▶ **DATA LISTING**:
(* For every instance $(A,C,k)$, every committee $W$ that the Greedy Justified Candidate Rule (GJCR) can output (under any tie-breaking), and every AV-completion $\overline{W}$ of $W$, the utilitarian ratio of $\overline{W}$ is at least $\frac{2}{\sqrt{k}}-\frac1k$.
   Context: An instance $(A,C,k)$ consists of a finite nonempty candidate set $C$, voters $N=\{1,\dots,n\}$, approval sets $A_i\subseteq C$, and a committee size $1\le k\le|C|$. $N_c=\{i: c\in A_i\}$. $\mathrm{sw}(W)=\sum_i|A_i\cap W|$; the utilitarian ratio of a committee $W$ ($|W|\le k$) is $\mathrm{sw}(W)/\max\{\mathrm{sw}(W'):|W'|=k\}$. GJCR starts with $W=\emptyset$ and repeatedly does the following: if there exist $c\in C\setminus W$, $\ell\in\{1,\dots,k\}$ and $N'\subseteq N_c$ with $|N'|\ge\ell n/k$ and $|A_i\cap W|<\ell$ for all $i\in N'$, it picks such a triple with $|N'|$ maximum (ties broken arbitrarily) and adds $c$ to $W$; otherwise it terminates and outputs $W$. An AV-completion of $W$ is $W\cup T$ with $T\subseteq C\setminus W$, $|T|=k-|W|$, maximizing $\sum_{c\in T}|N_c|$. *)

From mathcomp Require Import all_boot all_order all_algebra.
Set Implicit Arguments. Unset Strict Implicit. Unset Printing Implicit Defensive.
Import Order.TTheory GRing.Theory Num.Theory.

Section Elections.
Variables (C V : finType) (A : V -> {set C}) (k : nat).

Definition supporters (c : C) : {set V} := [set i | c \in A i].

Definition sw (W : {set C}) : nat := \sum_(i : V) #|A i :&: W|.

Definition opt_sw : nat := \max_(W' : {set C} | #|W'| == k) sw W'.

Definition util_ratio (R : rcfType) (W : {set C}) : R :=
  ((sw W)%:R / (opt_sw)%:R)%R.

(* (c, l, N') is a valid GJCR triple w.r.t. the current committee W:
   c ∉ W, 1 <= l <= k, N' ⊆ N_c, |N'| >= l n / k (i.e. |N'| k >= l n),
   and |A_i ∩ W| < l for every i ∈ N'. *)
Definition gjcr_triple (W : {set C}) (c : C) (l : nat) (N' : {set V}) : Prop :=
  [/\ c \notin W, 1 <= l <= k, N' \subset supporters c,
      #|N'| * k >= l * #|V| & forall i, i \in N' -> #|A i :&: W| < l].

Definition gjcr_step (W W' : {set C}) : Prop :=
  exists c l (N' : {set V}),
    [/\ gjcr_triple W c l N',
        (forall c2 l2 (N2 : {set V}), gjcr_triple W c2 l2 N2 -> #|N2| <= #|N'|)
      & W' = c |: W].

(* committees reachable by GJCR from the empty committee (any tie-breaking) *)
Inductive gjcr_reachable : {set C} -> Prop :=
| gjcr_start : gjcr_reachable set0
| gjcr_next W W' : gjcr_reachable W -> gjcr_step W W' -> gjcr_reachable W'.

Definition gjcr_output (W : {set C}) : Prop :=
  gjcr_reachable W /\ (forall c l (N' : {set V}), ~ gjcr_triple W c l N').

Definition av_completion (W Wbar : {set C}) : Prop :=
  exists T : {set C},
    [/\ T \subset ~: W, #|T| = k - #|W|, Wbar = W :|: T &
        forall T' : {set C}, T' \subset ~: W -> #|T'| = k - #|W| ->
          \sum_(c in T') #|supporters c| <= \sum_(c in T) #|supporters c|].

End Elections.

...

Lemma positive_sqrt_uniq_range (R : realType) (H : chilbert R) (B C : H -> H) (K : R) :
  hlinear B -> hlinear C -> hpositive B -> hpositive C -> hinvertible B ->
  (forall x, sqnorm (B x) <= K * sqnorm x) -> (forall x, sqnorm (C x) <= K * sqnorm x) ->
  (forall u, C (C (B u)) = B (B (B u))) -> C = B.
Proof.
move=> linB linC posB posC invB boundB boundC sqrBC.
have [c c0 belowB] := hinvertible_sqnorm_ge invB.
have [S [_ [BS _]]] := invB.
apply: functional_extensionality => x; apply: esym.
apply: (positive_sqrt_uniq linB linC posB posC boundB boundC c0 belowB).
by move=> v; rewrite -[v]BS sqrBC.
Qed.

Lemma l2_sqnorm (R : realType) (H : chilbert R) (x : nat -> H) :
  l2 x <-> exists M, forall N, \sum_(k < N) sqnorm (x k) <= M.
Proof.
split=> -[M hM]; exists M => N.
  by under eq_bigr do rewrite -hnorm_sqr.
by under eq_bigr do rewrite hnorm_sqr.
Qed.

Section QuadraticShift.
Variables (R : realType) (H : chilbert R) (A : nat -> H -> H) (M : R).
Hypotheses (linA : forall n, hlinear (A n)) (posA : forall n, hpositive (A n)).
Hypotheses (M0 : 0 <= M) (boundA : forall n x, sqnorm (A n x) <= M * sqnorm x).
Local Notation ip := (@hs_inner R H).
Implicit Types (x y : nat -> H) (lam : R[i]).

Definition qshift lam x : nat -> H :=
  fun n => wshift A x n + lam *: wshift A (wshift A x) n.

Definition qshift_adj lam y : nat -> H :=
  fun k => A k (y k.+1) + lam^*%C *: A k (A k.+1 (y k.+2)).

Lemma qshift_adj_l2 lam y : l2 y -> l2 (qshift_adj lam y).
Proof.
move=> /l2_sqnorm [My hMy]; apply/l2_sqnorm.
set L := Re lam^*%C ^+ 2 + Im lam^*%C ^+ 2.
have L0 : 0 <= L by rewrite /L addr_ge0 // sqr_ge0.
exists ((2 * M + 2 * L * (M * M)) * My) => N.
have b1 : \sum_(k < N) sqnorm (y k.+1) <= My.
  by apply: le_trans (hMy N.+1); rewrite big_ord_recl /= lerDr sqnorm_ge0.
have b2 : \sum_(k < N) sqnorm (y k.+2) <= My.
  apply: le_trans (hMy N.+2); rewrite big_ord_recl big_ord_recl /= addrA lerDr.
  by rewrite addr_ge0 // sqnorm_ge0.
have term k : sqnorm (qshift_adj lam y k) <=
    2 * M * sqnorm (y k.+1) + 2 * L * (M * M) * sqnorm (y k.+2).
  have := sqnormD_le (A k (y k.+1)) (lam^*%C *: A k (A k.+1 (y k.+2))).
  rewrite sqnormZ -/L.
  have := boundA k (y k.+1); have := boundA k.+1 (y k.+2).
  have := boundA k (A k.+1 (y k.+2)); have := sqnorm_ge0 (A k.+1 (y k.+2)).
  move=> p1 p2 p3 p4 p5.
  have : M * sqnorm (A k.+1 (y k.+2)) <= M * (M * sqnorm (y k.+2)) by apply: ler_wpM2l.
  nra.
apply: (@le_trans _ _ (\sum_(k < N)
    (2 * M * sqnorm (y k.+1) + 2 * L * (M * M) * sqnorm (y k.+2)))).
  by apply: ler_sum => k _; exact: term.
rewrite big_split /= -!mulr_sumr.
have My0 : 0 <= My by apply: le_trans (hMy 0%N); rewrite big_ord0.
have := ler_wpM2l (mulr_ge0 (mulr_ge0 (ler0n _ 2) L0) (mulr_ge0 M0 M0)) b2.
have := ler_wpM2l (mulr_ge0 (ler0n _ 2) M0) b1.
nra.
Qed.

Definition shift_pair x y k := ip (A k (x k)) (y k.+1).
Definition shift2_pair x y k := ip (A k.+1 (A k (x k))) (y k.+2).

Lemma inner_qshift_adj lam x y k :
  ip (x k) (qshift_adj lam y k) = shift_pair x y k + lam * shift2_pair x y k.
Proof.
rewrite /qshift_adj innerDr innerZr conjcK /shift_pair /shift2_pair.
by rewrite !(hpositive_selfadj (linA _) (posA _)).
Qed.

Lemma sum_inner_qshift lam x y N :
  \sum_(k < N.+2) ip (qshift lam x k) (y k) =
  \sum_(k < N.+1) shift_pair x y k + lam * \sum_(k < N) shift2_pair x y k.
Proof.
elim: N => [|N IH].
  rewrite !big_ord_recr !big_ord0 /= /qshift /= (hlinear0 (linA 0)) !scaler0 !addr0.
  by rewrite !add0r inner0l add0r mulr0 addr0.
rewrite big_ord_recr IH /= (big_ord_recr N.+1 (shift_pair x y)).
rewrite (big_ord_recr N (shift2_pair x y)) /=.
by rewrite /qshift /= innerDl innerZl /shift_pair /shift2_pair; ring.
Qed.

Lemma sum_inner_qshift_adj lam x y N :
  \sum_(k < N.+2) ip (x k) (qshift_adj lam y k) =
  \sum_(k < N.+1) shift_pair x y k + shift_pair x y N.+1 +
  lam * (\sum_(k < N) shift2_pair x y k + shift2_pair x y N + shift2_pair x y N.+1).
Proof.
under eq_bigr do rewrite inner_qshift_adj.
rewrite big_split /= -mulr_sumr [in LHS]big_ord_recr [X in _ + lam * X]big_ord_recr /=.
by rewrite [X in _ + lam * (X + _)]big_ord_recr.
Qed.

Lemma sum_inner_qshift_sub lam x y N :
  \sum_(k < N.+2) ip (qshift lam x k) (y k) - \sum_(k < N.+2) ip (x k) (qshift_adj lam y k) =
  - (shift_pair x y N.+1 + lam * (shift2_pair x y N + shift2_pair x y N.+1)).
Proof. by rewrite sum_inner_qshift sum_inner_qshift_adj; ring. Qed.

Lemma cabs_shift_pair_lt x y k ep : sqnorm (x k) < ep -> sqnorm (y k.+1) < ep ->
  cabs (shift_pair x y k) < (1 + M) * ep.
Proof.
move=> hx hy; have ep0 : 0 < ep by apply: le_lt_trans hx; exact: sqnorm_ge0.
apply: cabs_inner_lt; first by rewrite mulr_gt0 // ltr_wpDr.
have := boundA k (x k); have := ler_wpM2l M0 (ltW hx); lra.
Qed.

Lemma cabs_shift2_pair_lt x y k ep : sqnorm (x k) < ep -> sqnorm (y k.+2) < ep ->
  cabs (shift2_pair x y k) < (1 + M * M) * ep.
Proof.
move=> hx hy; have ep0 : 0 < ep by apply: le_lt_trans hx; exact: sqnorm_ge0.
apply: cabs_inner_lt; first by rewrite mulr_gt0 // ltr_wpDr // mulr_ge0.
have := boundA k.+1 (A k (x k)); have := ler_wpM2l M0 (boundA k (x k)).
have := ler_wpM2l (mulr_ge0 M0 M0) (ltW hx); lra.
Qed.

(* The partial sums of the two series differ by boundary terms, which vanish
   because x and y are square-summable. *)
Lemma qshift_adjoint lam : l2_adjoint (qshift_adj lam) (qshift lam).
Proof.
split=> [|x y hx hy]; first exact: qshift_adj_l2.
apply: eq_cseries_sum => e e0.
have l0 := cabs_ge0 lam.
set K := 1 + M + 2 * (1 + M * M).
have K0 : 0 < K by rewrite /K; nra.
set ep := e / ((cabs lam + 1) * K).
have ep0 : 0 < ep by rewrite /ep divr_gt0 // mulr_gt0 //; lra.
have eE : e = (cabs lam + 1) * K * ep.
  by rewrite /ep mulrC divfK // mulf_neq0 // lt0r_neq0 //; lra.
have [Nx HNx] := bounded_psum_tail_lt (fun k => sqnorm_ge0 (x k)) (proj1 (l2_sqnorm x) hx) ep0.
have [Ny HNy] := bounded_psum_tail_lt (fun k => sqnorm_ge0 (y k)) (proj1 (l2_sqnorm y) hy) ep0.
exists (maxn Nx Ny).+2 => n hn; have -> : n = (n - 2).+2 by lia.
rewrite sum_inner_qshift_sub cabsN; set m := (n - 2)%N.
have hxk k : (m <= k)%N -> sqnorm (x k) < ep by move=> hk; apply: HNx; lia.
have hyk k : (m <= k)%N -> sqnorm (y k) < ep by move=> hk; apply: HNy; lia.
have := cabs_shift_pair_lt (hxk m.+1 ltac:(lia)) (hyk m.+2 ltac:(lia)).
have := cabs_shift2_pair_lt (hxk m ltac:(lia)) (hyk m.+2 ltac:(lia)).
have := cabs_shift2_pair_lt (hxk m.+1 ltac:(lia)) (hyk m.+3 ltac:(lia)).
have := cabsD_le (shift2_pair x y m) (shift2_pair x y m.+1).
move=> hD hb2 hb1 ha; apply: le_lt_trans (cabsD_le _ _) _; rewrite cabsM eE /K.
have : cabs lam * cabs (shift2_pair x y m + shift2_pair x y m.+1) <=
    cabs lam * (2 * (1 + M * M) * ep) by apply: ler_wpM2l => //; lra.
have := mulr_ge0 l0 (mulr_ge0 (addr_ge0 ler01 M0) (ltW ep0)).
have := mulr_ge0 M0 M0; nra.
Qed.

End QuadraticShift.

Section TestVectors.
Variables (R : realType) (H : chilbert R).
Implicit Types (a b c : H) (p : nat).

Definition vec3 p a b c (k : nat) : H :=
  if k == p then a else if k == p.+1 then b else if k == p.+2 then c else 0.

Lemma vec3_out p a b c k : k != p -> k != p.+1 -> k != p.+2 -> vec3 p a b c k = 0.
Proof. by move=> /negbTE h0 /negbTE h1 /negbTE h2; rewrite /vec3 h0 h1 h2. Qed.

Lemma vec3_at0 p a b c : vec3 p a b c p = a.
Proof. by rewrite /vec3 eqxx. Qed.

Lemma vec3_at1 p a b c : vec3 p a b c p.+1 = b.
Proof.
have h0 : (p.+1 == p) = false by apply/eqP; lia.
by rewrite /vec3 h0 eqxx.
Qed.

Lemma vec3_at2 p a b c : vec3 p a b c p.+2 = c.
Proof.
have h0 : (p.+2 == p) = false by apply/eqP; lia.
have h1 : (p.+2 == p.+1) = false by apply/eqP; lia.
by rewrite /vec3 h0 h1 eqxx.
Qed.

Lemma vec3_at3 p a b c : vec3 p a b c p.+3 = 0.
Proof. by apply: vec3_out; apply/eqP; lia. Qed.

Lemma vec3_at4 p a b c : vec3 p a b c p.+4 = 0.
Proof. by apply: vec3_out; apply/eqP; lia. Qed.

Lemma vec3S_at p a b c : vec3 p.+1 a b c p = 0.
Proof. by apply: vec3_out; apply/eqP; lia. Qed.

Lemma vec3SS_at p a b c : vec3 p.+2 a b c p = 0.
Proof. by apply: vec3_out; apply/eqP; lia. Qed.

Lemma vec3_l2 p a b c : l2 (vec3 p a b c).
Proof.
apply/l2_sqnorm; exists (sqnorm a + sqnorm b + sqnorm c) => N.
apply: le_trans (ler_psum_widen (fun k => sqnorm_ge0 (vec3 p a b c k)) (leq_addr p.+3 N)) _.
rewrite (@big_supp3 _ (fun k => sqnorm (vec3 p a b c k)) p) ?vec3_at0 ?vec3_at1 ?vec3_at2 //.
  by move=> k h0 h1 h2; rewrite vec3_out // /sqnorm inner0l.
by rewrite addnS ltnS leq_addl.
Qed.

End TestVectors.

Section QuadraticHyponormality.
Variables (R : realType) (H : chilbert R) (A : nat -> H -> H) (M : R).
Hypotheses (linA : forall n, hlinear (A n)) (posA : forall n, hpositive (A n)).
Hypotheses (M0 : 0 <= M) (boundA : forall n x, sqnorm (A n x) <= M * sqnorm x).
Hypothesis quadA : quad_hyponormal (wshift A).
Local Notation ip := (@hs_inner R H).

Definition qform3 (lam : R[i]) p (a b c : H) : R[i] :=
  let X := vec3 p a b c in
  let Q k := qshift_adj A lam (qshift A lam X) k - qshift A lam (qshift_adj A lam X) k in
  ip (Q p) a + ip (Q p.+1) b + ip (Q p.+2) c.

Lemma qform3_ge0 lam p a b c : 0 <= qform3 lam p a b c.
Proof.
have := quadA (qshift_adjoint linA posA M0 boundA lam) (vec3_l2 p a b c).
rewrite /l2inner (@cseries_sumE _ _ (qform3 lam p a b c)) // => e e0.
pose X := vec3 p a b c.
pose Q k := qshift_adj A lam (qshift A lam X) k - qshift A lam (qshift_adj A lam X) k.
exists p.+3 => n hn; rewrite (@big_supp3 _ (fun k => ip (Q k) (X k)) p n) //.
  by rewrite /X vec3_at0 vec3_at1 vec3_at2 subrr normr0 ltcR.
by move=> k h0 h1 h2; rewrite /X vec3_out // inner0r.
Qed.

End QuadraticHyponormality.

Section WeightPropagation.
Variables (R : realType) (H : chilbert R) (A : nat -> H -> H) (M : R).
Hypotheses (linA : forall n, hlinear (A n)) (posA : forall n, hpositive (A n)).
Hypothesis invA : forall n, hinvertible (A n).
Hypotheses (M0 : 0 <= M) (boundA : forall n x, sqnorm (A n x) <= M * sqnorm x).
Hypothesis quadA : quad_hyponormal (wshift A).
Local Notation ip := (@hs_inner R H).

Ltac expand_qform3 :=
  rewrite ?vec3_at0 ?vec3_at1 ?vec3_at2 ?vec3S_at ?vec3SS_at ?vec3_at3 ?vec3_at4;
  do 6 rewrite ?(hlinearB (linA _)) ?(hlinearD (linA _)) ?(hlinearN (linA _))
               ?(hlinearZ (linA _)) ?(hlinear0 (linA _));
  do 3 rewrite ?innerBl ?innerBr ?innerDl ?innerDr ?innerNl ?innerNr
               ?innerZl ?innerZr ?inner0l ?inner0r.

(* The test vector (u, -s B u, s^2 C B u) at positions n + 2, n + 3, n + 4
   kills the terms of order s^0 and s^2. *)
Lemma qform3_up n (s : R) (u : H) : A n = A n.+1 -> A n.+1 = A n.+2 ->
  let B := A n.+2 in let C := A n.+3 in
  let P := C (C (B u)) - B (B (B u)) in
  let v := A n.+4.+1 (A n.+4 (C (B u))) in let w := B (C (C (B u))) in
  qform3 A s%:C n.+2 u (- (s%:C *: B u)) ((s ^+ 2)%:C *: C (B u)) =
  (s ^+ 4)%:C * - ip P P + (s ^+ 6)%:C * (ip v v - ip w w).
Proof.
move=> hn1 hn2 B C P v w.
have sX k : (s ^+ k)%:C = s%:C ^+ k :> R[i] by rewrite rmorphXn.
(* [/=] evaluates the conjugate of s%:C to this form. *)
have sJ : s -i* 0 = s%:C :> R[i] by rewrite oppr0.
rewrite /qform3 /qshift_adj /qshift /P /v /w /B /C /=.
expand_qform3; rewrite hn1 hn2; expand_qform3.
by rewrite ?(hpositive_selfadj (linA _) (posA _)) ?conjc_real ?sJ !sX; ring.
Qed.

▶ **TASK ITEM**:
How many lines in the listing above contain "boundB"? Answer with the number alone.

▶ **RESULT OF THE TASK**:
2